» YOUR ASSIGNMENT: A stretch of the entries below is to be set down exactly, running from the line with "Lemma has_color_of_values p" through the line with "move=> x x_face; split => [i | s sS].", both included, and no other line.

» Collected data entries:
______________________________

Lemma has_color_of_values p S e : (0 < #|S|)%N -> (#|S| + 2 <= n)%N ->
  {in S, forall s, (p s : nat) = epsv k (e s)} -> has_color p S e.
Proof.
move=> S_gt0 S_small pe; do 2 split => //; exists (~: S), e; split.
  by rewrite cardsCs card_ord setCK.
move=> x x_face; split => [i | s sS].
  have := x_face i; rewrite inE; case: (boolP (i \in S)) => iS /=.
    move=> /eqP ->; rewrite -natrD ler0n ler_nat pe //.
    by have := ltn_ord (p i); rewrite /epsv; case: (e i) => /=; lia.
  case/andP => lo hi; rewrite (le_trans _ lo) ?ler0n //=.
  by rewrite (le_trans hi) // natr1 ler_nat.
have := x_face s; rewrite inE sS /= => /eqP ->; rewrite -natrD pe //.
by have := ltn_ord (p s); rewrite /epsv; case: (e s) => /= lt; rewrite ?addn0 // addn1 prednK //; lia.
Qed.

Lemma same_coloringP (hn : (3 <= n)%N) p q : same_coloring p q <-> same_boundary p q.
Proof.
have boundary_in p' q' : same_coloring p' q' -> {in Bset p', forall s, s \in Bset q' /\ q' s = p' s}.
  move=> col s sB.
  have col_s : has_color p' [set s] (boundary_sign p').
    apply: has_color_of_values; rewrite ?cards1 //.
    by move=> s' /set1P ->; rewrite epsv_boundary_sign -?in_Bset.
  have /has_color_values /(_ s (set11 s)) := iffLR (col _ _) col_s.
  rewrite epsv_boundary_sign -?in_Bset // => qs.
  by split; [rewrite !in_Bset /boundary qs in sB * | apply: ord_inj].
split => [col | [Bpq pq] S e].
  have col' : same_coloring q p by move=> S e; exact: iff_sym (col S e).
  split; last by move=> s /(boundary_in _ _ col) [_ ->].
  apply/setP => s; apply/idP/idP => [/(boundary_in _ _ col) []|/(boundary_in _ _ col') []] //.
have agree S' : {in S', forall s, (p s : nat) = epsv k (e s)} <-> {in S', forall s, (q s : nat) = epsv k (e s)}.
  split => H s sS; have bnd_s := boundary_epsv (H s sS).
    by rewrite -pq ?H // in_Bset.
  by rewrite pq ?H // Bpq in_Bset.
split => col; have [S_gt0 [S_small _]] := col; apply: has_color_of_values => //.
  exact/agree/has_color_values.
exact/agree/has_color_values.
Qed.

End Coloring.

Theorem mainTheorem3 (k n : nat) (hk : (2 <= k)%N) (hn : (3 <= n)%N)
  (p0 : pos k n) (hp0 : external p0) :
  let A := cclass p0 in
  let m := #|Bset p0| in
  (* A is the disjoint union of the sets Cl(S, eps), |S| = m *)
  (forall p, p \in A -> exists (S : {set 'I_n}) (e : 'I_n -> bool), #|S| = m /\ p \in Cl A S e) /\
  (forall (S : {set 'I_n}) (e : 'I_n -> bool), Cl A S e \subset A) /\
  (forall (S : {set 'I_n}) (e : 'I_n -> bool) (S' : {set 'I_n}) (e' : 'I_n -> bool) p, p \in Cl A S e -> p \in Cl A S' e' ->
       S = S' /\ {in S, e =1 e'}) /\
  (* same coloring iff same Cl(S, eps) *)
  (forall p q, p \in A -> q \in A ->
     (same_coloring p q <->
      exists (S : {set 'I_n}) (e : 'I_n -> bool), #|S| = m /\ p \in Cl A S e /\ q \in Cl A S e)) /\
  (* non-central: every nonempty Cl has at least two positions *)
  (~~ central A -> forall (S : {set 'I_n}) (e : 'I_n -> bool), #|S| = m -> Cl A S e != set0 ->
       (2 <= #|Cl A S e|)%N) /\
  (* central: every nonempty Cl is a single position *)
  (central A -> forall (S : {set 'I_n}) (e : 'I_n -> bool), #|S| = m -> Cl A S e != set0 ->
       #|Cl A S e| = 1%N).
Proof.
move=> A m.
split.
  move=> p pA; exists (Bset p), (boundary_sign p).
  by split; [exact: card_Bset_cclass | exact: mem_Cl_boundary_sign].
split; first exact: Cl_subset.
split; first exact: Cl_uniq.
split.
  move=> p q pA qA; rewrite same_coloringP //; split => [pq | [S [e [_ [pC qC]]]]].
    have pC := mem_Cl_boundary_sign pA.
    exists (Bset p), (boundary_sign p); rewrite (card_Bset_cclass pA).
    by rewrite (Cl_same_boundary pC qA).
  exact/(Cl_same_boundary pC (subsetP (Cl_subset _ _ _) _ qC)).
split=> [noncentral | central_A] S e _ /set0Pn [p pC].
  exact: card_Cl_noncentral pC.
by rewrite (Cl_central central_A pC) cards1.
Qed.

______________________________

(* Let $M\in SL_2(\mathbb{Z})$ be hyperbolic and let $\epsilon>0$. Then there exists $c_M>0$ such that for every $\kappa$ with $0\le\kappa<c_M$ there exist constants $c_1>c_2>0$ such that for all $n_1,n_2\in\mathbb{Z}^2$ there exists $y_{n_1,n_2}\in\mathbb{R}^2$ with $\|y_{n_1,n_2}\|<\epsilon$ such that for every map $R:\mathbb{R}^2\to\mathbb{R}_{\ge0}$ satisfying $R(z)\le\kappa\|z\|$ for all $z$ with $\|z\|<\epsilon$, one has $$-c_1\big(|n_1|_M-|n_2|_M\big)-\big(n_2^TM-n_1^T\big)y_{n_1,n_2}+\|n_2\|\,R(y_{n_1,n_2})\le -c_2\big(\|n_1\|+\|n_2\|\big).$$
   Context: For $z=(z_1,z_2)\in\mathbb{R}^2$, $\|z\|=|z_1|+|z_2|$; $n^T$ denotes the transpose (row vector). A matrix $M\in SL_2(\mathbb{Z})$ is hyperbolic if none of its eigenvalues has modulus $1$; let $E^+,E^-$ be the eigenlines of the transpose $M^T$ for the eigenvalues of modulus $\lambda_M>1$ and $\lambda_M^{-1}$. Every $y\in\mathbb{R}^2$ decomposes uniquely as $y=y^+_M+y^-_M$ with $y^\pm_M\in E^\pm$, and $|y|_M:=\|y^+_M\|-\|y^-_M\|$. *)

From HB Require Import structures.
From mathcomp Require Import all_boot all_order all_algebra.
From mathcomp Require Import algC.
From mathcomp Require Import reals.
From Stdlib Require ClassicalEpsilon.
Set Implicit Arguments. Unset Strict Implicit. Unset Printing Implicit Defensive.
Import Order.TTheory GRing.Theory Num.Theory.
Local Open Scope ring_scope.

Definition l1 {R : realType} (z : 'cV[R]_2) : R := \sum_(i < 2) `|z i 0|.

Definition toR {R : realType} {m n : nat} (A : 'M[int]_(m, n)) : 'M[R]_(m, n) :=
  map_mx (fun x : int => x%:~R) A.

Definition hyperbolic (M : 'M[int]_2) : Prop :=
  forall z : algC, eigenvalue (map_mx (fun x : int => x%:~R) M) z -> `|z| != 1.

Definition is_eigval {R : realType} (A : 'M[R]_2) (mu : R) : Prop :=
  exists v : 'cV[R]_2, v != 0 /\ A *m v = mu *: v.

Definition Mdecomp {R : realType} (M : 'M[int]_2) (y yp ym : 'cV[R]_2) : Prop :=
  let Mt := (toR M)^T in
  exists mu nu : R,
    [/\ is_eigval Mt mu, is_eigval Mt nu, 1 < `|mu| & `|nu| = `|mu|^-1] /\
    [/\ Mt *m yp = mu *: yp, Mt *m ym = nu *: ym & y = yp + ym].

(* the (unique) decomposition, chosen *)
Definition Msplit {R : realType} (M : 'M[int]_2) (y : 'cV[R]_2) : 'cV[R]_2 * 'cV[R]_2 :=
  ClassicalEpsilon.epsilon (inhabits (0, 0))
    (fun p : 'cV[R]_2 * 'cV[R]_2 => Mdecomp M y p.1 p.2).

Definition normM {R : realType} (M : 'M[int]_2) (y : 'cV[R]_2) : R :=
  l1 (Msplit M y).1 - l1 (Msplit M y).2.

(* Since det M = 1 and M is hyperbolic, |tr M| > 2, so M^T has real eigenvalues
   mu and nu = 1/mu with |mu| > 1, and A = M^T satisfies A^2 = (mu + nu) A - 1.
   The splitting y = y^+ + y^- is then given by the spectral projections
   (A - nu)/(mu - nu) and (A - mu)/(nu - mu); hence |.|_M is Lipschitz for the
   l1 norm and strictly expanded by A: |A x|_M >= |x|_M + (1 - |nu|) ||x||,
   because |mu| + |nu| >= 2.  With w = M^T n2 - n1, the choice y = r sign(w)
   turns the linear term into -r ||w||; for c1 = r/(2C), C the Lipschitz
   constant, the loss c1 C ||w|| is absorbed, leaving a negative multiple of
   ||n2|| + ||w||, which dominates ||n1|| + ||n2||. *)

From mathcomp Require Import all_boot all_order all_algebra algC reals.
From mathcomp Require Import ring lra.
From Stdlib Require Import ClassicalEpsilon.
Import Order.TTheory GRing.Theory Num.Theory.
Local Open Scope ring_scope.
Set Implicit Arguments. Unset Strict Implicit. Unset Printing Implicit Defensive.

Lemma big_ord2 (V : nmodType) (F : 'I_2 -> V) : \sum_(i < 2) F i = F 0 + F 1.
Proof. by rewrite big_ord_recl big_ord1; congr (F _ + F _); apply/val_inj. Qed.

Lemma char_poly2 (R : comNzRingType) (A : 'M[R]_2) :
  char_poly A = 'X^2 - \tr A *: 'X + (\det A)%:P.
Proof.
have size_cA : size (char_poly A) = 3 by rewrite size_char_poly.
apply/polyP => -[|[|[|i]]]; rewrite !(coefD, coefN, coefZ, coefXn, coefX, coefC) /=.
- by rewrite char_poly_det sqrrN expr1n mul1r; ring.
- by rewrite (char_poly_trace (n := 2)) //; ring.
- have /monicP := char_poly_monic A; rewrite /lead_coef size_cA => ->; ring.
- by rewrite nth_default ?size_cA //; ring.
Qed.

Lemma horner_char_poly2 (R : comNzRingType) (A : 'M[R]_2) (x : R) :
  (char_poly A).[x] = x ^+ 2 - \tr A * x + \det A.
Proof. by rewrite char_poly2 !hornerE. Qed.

______________________________

» ANSWER BOX:
Lemma has_color_of_values p S e : (0 < #|S|)%N -> (#|S| + 2 <= n)%N ->
  {in S, forall s, (p s : nat) = epsv k (e s)} -> has_color p S e.
Proof.
move=> S_gt0 S_small pe; do 2 split => //; exists (~: S), e; split.
  by rewrite cardsCs card_ord setCK.
move=> x x_face; split => [i | s sS].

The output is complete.